Start of DATA SUPPLIED

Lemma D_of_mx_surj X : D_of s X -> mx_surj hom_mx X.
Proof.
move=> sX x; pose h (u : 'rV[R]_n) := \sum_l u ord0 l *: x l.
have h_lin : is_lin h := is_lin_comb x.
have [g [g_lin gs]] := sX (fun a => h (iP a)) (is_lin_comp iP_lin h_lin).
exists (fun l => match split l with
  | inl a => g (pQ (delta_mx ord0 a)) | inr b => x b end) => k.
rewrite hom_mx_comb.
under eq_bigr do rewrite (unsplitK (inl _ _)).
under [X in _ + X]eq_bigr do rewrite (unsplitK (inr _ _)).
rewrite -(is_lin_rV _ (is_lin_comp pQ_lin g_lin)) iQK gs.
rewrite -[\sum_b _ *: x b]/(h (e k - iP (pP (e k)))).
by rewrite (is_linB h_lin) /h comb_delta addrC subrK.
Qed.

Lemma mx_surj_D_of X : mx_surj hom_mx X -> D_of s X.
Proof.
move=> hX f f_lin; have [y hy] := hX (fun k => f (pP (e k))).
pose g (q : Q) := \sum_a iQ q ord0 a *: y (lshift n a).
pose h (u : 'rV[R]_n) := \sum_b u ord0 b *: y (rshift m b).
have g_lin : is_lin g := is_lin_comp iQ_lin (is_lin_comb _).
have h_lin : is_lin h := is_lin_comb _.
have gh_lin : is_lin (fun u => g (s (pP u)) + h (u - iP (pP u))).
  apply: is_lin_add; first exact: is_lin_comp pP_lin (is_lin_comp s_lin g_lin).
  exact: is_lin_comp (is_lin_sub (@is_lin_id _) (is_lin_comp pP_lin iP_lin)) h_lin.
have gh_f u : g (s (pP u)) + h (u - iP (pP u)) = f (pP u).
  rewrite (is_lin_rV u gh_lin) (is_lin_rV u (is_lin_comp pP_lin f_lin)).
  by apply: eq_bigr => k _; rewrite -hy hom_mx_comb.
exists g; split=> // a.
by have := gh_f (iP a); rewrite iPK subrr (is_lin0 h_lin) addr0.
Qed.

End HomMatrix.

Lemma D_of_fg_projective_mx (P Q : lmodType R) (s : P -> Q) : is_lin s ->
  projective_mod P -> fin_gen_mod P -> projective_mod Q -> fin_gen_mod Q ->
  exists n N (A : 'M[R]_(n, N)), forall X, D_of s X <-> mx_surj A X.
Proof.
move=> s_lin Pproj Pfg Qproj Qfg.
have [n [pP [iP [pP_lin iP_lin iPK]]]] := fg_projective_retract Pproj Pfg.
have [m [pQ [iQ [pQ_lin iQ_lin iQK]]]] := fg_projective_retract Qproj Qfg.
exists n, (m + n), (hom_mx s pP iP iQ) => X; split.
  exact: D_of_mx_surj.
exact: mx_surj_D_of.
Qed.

End of DATA SUPPLIED
Start of DATA SUPPLIED

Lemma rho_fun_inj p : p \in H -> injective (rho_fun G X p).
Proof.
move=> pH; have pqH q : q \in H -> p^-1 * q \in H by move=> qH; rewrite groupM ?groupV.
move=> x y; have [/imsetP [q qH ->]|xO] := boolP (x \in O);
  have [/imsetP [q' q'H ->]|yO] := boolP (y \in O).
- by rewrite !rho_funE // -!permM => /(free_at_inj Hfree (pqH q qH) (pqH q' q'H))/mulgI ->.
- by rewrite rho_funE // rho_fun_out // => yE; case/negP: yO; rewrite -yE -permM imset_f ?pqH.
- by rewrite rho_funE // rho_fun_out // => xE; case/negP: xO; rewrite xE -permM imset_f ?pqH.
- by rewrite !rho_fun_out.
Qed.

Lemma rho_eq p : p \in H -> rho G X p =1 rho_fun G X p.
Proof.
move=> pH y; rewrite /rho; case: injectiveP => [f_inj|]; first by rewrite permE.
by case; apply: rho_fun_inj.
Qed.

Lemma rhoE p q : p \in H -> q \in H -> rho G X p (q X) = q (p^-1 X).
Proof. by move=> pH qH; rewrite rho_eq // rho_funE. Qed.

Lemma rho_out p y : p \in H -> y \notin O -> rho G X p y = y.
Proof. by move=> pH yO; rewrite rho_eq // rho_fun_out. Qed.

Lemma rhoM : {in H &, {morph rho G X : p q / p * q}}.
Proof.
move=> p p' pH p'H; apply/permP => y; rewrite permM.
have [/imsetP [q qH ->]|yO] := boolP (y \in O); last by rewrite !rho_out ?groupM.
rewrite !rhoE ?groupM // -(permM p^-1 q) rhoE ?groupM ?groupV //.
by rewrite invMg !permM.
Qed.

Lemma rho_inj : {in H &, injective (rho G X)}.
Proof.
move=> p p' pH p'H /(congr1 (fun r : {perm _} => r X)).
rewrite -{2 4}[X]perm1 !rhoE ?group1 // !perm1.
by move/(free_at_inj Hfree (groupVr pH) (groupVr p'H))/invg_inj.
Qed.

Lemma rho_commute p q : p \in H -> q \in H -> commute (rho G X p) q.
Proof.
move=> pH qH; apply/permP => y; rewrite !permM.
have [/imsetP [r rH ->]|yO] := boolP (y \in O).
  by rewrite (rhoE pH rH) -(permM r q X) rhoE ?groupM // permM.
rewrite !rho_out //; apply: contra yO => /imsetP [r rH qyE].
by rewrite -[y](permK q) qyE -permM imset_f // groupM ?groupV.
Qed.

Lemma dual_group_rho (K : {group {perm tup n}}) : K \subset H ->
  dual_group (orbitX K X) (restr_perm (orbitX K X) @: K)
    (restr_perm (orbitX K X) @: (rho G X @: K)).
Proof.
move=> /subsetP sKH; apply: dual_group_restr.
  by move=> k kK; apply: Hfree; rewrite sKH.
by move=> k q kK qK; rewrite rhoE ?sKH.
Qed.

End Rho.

End of DATA SUPPLIED
Start of DATA SUPPLIED

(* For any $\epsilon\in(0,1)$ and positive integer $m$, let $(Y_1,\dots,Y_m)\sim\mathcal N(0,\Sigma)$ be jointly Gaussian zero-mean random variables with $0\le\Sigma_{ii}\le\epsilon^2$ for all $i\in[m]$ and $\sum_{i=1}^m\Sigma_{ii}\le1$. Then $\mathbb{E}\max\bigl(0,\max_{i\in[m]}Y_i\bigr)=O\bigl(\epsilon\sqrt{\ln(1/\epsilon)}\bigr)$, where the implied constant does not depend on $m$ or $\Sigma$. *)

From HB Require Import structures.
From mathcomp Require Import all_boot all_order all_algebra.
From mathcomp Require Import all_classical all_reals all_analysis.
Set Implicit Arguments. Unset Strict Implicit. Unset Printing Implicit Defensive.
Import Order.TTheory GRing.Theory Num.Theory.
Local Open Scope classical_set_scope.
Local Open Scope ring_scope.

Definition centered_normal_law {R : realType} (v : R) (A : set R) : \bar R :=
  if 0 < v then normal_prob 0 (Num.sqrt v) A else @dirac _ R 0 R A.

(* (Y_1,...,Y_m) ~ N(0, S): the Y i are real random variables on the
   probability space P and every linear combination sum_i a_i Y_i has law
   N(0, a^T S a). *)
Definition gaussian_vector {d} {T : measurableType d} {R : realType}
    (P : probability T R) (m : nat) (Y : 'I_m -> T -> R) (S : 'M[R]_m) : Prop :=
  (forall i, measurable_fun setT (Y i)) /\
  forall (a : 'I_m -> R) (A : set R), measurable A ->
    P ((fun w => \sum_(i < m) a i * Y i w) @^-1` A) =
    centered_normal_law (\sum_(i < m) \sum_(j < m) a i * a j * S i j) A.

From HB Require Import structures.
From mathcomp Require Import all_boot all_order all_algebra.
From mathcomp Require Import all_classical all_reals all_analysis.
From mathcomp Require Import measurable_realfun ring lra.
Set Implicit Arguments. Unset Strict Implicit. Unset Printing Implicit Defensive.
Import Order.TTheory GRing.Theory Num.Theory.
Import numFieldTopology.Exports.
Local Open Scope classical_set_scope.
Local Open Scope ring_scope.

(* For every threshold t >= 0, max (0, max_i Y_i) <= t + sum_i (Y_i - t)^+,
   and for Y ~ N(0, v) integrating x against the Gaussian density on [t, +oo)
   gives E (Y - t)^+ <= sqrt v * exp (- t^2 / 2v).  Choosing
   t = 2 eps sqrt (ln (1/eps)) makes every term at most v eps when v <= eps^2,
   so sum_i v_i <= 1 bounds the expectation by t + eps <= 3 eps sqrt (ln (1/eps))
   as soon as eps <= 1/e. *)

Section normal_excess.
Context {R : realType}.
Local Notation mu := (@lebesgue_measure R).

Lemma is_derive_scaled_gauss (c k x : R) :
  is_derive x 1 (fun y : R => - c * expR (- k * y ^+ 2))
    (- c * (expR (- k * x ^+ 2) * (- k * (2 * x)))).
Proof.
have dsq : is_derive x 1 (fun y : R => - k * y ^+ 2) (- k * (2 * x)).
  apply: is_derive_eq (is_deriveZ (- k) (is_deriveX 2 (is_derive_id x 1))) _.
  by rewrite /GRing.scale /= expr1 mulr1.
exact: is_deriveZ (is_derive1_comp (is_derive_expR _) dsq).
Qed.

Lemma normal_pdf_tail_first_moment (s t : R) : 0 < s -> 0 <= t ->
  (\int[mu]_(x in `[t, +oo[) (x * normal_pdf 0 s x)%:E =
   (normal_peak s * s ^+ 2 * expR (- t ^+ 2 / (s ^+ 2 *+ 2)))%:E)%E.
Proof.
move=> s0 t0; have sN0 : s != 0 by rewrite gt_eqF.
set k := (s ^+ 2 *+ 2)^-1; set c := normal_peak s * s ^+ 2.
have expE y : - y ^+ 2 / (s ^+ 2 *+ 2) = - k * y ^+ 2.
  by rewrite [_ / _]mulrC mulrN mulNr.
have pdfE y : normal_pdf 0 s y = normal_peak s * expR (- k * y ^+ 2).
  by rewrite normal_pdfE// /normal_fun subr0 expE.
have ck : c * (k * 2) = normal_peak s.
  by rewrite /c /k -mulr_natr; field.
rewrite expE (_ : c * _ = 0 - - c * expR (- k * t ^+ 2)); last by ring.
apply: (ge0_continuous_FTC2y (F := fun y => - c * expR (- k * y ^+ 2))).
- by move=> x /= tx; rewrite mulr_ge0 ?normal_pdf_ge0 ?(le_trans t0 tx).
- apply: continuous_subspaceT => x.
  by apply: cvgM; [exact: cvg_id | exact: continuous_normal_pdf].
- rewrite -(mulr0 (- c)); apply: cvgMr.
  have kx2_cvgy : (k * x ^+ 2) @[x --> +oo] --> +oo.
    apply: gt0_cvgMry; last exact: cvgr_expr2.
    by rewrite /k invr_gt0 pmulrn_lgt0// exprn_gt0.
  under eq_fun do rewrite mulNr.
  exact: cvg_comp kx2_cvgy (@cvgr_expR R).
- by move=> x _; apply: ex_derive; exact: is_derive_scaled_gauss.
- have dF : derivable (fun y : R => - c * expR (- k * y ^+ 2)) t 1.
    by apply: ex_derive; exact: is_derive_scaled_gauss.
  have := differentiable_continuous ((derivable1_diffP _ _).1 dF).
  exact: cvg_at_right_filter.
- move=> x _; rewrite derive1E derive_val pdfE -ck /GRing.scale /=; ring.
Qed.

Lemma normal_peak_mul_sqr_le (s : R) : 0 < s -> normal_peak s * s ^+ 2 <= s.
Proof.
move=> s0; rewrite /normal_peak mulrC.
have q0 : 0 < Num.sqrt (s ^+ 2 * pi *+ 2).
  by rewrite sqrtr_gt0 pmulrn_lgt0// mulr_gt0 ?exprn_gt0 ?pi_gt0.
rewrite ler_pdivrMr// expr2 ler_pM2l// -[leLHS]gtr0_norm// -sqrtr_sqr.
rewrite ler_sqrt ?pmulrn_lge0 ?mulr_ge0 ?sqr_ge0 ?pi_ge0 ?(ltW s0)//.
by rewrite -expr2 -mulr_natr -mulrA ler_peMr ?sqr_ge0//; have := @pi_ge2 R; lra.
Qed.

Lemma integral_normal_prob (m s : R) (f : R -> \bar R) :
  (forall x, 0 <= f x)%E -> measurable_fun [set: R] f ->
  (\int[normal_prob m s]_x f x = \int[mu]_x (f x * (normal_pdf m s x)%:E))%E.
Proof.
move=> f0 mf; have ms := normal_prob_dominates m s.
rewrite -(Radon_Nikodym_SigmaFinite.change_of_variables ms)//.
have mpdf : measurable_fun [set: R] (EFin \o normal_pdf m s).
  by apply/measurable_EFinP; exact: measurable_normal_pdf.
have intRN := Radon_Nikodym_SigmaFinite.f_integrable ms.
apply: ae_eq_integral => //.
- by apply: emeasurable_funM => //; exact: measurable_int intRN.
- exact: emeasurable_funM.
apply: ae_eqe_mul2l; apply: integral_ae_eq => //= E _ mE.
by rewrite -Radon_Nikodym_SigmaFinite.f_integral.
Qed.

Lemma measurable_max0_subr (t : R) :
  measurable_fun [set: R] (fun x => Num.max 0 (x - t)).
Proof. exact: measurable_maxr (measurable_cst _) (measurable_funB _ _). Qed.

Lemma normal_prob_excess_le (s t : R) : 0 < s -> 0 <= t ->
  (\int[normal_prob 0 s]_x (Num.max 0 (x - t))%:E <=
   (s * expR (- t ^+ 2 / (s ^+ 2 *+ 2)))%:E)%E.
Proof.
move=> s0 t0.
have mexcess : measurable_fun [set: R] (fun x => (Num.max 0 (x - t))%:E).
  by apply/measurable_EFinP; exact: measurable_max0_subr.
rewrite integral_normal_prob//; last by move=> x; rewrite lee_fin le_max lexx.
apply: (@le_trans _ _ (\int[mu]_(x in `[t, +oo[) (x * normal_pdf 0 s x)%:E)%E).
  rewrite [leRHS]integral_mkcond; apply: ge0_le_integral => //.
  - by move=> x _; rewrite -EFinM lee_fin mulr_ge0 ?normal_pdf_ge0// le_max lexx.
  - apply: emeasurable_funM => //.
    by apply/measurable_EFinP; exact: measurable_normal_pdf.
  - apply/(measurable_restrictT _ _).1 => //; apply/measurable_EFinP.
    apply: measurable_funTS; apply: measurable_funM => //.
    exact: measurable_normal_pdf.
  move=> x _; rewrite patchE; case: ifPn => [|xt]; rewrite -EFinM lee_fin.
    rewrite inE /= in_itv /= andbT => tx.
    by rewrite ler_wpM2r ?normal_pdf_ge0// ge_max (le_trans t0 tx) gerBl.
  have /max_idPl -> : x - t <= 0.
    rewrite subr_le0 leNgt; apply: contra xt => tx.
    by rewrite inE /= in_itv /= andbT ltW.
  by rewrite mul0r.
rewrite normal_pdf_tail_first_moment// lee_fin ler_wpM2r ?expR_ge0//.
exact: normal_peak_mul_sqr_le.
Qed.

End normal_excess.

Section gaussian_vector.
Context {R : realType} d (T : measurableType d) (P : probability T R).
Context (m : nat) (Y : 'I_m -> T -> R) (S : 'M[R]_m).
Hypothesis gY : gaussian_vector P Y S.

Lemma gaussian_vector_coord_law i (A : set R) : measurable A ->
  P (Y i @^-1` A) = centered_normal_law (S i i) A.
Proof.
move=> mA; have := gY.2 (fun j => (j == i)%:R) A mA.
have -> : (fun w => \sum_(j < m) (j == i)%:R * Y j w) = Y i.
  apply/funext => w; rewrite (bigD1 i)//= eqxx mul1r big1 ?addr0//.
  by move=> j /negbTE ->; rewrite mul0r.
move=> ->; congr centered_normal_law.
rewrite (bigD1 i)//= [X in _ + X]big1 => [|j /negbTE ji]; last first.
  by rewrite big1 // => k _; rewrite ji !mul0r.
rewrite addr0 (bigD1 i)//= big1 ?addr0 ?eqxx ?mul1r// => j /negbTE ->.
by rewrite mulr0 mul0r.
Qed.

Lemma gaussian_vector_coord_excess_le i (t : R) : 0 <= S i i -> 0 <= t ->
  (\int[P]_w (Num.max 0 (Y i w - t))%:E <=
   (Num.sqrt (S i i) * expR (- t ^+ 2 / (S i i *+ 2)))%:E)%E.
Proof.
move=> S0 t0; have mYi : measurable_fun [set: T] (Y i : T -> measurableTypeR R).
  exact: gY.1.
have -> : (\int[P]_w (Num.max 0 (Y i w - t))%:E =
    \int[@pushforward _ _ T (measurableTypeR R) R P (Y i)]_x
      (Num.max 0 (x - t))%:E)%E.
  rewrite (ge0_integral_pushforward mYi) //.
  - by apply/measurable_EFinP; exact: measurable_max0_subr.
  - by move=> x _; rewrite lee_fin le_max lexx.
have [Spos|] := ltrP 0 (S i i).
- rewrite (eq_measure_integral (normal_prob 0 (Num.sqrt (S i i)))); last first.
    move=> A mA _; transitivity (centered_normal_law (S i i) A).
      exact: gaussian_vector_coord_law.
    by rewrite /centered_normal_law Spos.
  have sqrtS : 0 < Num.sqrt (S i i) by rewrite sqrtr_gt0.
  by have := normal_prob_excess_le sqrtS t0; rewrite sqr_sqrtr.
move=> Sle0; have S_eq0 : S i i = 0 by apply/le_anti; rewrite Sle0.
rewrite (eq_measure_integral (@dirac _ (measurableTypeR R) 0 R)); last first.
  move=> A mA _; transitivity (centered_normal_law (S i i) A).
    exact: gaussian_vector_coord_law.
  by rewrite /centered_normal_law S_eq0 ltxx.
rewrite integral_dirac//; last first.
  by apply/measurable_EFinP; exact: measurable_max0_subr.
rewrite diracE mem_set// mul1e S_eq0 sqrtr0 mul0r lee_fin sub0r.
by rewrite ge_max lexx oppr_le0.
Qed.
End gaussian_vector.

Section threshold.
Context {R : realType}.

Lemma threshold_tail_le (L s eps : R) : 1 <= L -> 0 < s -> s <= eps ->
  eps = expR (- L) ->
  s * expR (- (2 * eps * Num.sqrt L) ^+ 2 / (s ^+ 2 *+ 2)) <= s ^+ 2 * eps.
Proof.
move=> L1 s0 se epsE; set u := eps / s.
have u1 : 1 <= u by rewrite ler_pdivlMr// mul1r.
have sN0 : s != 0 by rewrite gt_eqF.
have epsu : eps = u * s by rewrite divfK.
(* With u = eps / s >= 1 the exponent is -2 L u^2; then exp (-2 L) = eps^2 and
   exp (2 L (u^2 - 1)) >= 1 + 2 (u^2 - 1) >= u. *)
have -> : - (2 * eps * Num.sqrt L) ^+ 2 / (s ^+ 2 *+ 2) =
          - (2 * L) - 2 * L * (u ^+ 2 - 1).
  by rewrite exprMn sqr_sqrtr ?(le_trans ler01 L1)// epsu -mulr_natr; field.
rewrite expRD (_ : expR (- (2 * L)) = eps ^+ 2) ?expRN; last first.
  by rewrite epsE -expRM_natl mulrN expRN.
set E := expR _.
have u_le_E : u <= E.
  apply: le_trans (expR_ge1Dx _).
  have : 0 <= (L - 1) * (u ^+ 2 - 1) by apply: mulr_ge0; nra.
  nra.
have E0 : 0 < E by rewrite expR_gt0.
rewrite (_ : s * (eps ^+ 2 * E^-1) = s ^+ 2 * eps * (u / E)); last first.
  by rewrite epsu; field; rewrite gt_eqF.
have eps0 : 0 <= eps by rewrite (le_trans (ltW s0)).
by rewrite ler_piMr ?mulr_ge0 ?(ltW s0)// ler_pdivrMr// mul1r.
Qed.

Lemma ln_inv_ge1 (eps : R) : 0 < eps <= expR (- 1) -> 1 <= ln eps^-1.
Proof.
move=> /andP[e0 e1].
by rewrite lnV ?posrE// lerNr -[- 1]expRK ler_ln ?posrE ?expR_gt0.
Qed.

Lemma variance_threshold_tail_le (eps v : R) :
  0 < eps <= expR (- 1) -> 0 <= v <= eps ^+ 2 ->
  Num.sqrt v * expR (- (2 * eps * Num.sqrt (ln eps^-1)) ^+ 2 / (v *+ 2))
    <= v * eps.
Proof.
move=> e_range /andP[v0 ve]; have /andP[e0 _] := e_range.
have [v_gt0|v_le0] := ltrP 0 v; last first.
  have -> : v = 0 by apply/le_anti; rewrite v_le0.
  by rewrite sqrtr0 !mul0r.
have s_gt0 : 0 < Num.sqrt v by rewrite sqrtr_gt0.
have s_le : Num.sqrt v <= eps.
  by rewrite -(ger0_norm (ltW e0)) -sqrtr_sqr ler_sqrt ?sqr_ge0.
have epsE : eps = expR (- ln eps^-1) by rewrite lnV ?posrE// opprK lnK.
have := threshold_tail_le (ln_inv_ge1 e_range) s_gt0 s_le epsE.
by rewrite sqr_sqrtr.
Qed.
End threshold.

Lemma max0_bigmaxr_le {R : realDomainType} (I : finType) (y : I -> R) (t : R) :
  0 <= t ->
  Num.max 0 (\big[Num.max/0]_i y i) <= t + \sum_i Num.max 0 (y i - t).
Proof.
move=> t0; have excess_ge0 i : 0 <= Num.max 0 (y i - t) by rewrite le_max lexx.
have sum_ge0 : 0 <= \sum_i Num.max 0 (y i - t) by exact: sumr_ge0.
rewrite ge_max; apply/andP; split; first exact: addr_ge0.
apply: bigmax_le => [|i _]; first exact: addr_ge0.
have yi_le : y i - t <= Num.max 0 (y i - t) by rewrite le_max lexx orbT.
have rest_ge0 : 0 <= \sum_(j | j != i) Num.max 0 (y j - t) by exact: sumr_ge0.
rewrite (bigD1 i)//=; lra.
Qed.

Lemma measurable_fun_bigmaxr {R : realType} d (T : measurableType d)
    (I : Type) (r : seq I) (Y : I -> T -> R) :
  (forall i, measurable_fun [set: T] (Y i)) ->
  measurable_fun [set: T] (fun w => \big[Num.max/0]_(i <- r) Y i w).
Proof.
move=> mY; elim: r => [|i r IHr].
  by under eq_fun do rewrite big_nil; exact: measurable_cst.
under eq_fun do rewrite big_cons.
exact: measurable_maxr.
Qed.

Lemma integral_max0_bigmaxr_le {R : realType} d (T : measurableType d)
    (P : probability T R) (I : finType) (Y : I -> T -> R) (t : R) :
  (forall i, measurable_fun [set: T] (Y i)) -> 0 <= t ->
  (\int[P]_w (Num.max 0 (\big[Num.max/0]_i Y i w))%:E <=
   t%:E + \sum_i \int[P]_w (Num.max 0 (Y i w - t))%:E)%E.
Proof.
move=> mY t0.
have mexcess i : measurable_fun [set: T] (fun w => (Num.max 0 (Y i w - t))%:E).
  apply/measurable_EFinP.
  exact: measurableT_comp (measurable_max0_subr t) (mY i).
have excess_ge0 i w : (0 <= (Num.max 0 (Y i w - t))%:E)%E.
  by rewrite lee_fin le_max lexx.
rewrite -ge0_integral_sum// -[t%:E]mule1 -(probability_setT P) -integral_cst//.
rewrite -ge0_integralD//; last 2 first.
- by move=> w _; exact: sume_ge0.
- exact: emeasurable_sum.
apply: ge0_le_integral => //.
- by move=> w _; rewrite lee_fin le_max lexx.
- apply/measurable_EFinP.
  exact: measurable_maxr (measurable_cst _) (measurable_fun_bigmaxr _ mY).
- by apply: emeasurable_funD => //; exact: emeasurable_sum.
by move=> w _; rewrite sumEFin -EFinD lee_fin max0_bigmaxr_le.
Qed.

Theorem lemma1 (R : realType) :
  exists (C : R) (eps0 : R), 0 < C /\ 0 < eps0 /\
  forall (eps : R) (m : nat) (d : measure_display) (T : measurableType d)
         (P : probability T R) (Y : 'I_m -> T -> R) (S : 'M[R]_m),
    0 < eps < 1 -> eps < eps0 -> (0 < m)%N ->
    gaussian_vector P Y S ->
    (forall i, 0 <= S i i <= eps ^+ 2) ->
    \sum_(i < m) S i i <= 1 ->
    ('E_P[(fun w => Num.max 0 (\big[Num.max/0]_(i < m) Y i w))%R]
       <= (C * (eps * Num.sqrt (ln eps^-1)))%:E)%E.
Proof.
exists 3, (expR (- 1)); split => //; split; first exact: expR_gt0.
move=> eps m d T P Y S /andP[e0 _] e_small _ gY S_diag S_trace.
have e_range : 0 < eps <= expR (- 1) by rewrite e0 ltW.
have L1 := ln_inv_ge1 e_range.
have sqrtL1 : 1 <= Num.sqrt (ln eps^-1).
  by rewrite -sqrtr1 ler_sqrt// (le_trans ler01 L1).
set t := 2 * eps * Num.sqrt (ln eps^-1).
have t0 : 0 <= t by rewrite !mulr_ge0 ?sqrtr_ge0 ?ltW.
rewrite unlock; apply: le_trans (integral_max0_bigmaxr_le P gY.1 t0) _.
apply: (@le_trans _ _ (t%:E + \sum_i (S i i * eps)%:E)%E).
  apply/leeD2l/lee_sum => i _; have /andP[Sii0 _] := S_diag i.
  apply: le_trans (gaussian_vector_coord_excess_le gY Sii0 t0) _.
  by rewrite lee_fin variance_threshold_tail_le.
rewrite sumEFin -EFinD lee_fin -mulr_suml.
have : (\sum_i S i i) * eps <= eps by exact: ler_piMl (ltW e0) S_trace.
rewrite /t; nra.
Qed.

End of DATA SUPPLIED

_YOUR GOAL_
Please count the lines in the records that hold the string "under", and give the number alone.

_SOLUTION BELOW_
5